(Saved data entries)
◆ ◆ ◆ ◆ ◆ ◆ ◆

Definition psi (gam : R) (f : nat -> R) (m : nat) : R :=
  gam * sgn (mean f m) * sqrt (pvar f m).

Definition gterm (a b gdp gdv : R) (x1 x2 : nat -> R -> R) (i : nat) (t : R) : R :=
  match i with
  | O => 0
  | S m => a * psi gdp (fun j => x1 j t) m + b * psi gdv (fun j => x2 j t) m
  end.

Definition rhs2 (Kdp Kdv l1 l2 x1 x2 x3 x4 g : R) : R :=
  - (x1 + x3) - Kdv * (x2 - l1 * x3 + x4 + Kdp * (x1 + x3))
  + (Kdp - l1) * (l1 * x3 - x4) + l2 * x4 - Kdp * x2 - g.

Definition norm4 (y1 y2 y3 y4 : R) : R := sqrt (y1 ^ 2 + y2 ^ 2 + y3 ^ 2 + y4 ^ 2).

Definition cont_nonneg (f : R -> R) : Prop :=
  forall t, 0 <= t ->
    filterlim f (within (fun s => 0 <= s) (locally t)) (locally (f t)).

Definition sol_on (f df : R -> R) : Prop :=
  cont_nonneg f /\ forall t, 0 < t -> is_derive f t (df t).

Definition isolated_sol (Kdp Kdv l1 l2 : R) (z1 z2 z3 z4 : R -> R) : Prop :=
  sol_on z1 z2 /\
  sol_on z2 (fun t => rhs2 Kdp Kdv l1 l2 (z1 t) (z2 t) (z3 t) (z4 t) 0) /\
  sol_on z3 (fun t => - l1 * z3 t + z4 t) /\
  sol_on z4 (fun t => - l2 * z4 t).

Definition platoon_sol (Kdp Kdv l1 l2 gdp gdv a b : R) (N : nat)
    (x1 x2 x3 x4 : nat -> R -> R) : Prop :=
  forall i, (i <= N)%nat ->
    let g := gterm a b gdp gdv x1 x2 i in
    sol_on (x1 i) (x2 i) /\
    sol_on (x2 i) (fun t => rhs2 Kdp Kdv l1 l2 (x1 i t) (x2 i t) (x3 i t) (x4 i t) (g t)) /\
    sol_on (x3 i) (fun t => - l1 * x3 i t + x4 i t) /\
    sol_on (x4 i) (fun t => - l2 * x4 i t + g t).

Definition classK (al : R -> R) : Prop :=
  al 0 = 0 /\ cont_nonneg al /\
  (forall r s, 0 <= r -> r < s -> al r < al s).

Definition classKL (be : R -> R -> R) : Prop :=
  (forall t, 0 <= t -> classK (fun r => be r t)) /\
  (forall r, 0 <= r ->
     (forall s t, 0 <= s -> s <= t -> be r t <= be r s) /\
     is_lim (fun t => be r t) p_infty 0).

Definition isolated_GES (Kdp Kdv l1 l2 : R) : Prop :=
  exists k lam, 0 < k /\ 0 < lam /\
    forall z1 z2 z3 z4, isolated_sol Kdp Kdv l1 l2 z1 z2 z3 z4 ->
    forall t, 0 <= t ->
      norm4 (z1 t) (z2 t) (z3 t) (z4 t)
      <= k * norm4 (z1 0) (z2 0) (z3 0) (z4 0) * exp (- lam * t).

(* The ISS-like estimate
     |chi_i(t)| <= beta(|chi_i(0)|, t) + gam * max_{j<i} sup_{[0,t]} |chi_j|,
   with the max over an empty index set equal to 0; the right-hand quantity
   "max sup" is expressed through its defining property: the estimate holds with
   any M >= 0 bounding all |chi_j(tau)|, j < i, 0 <= tau <= t. *)
Definition iss_estimate (Kdp Kdv l1 l2 gdp gdv a b : R) (Ggam : R -> Prop) : Prop :=
  exists (be : R -> R -> R) (gam : R), classKL be /\ Ggam gam /\
    forall (N : nat) (x1 x2 x3 x4 : nat -> R -> R),
      platoon_sol Kdp Kdv l1 l2 gdp gdv a b N x1 x2 x3 x4 ->
      forall i, (i <= N)%nat -> forall t, 0 <= t ->
      forall M, 0 <= M ->
        (forall j tau, (j < i)%nat -> 0 <= tau -> tau <= t ->
           norm4 (x1 j tau) (x2 j tau) (x3 j tau) (x4 j tau) <= M) ->
        norm4 (x1 i t) (x2 i t) (x3 i t) (x4 i t)
        <= be (norm4 (x1 i 0) (x2 i 0) (x3 i 0) (x4 i 0)) t + gam * M.

Definition string_stable (Kdp Kdv l1 l2 gdp gdv a b : R) : Prop :=
  forall eps, 0 < eps -> exists delta, 0 < delta /\
    forall (N : nat) (x1 x2 x3 x4 : nat -> R -> R),
      platoon_sol Kdp Kdv l1 l2 gdp gdv a b N x1 x2 x3 x4 ->
      (forall i, (i <= N)%nat -> norm4 (x1 i 0) (x2 i 0) (x3 i 0) (x4 i 0) < delta) ->
      forall i, (i <= N)%nat -> forall t, 0 <= t ->
        norm4 (x1 i t) (x2 i t) (x3 i t) (x4 i t) < eps.

Definition asympt_string_stable (Kdp Kdv l1 l2 gdp gdv a b : R) : Prop :=
  string_stable Kdp Kdv l1 l2 gdp gdv a b /\
  forall (N : nat) (x1 x2 x3 x4 : nat -> R -> R),
    platoon_sol Kdp Kdv l1 l2 gdp gdv a b N x1 x2 x3 x4 ->
    forall i, (i <= N)%nat ->
      is_lim (fun t => norm4 (x1 i t) (x2 i t) (x3 i t) (x4 i t)) p_infty 0.

(* For one vehicle, the error coordinates
       e = x1 + x3,    f = Kdp x1 + x2 + (Kdp - l1) x3 + x4
   satisfy e' = -Kdp e + f and f' = -e - Kdv f: the coupling input g cancels
   from them and only drives the filter (x3, x4).  Hence the quadratic form
   V = e^2 + f^2 + x3^2 + w x4^2, w = 1 + 2/(l1 l2), obeys
   V' <= -mu V + (w/l2) g^2 (lyap_decrease), and a comparison principle
   (linear_comparison) plus the equivalence of V with |x|^2 gives
       |x(t)| <= A |x(0)| e^(-mu t / 2) + B sup |g|         (vehicle_estimate).
   With g = 0 this is part (1).  Each spacing term psi is bounded by twice its
   gain times the size of the predecessors' states (gterm_abs_le), which gives
   the ISS estimate with gain 2 B (a gdp + b gdv) (part (2)); taking a small
   and b = 0 makes the gain 1/2 (part (3)).  Finally an abstract small-gain
   argument for a finite cascade of time-invariant ISS systems
   (Section SmallGainCascade), applied through the time invariance of the
   platoon (shift_platoon), turns any ISS estimate with gain < 1 into
   asymptotic string stability. *)

From Stdlib Require Import Reals Lra Lia.
From Coquelicot Require Import Coquelicot.
Open Scope R_scope.

Definition cont_at_nonneg (f : R -> R) (t : R) : Prop :=
  filterlim f (within (fun s => 0 <= s) (locally t)) (locally (f t)).

Lemma cont_at_nonneg_of_continuous (f : R -> R) (t : R) :
  continuous f t -> cont_at_nonneg f t.
Proof. intro Hf. exact (filterlim_filter_le_1 _ (filter_le_within _) Hf). Qed.

Lemma cont_at_nonneg_const (c t : R) : cont_at_nonneg (fun _ => c) t.
Proof. apply cont_at_nonneg_of_continuous, continuous_const. Qed.

Lemma cont_at_nonneg_plus (f g : R -> R) (t : R) :
  cont_at_nonneg f t -> cont_at_nonneg g t -> cont_at_nonneg (fun s => f s + g s) t.
Proof. intros Hf Hg. exact (filterlim_comp_2 f g Rplus Hf Hg (filterlim_plus _ _)). Qed.

Lemma cont_at_nonneg_mult (f g : R -> R) (t : R) :
  cont_at_nonneg f t -> cont_at_nonneg g t -> cont_at_nonneg (fun s => f s * g s) t.
Proof. intros Hf Hg. exact (filterlim_comp_2 f g Rmult Hf Hg (filterlim_mult _ _)). Qed.

Lemma cont_at_nonneg_sq (f : R -> R) (t : R) :
  cont_at_nonneg f t -> cont_at_nonneg (fun s => f s ^ 2) t.
Proof.
  intro Hf. unfold cont_at_nonneg. replace (f t ^ 2) with (f t * f t) by ring.
  apply (filterlim_ext (fun s => f s * f s)); [intro; ring |].
  exact (cont_at_nonneg_mult f f t Hf Hf).
Qed.

Lemma is_derive_Rplus (f g : R -> R) (x df dg : R) :
  is_derive f x df -> is_derive g x dg -> is_derive (fun s => f s + g s) x (df + dg).
Proof. exact (is_derive_plus f g x df dg). Qed.

Lemma is_derive_Rmult (f g : R -> R) (x df dg : R) :
  is_derive f x df -> is_derive g x dg ->
  is_derive (fun s => f s * g s) x (df * g x + f x * dg).
Proof. intros Hf Hg. exact (is_derive_mult f g x df dg Hf Hg Rmult_comm). Qed.

Lemma is_derive_sq (f : R -> R) (x d : R) :
  is_derive f x d -> is_derive (fun s => f s ^ 2) x (2 * f x * d).
Proof.
  intro Hf. apply (is_derive_ext (fun s => f s * f s)); [intro s; simpl; ring |].
  replace (2 * f x * d) with (d * f x + f x * d) by ring.
  exact (is_derive_Rmult f f x d d Hf Hf).
Qed.

Lemma is_derive_exp_lin (l x : R) : is_derive (fun s => exp (l * s)) x (l * exp (l * x)).
Proof. auto_derive; [exact I | ]. ring. Qed.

◆ ◆ ◆ ◆ ◆ ◆ ◆

**WHAT THE TASK ASKS:** When the line with "(* The ISS-like estimate" is reached in the data above, begin copying, and stop after the line with "exists (be : R"; copy each line exactly, both ends included.

**FINAL ANSWER:**
(* The ISS-like estimate
     |chi_i(t)| <= beta(|chi_i(0)|, t) + gam * max_{j<i} sup_{[0,t]} |chi_j|,
   with the max over an empty index set equal to 0; the right-hand quantity
   "max sup" is expressed through its defining property: the estimate holds with
   any M >= 0 bounding all |chi_j(tau)|, j < i, 0 <= tau <= t. *)
Definition iss_estimate (Kdp Kdv l1 l2 gdp gdv a b : R) (Ggam : R -> Prop) : Prop :=
  exists (be : R -> R -> R) (gam : R), classKL be /\ Ggam gam /\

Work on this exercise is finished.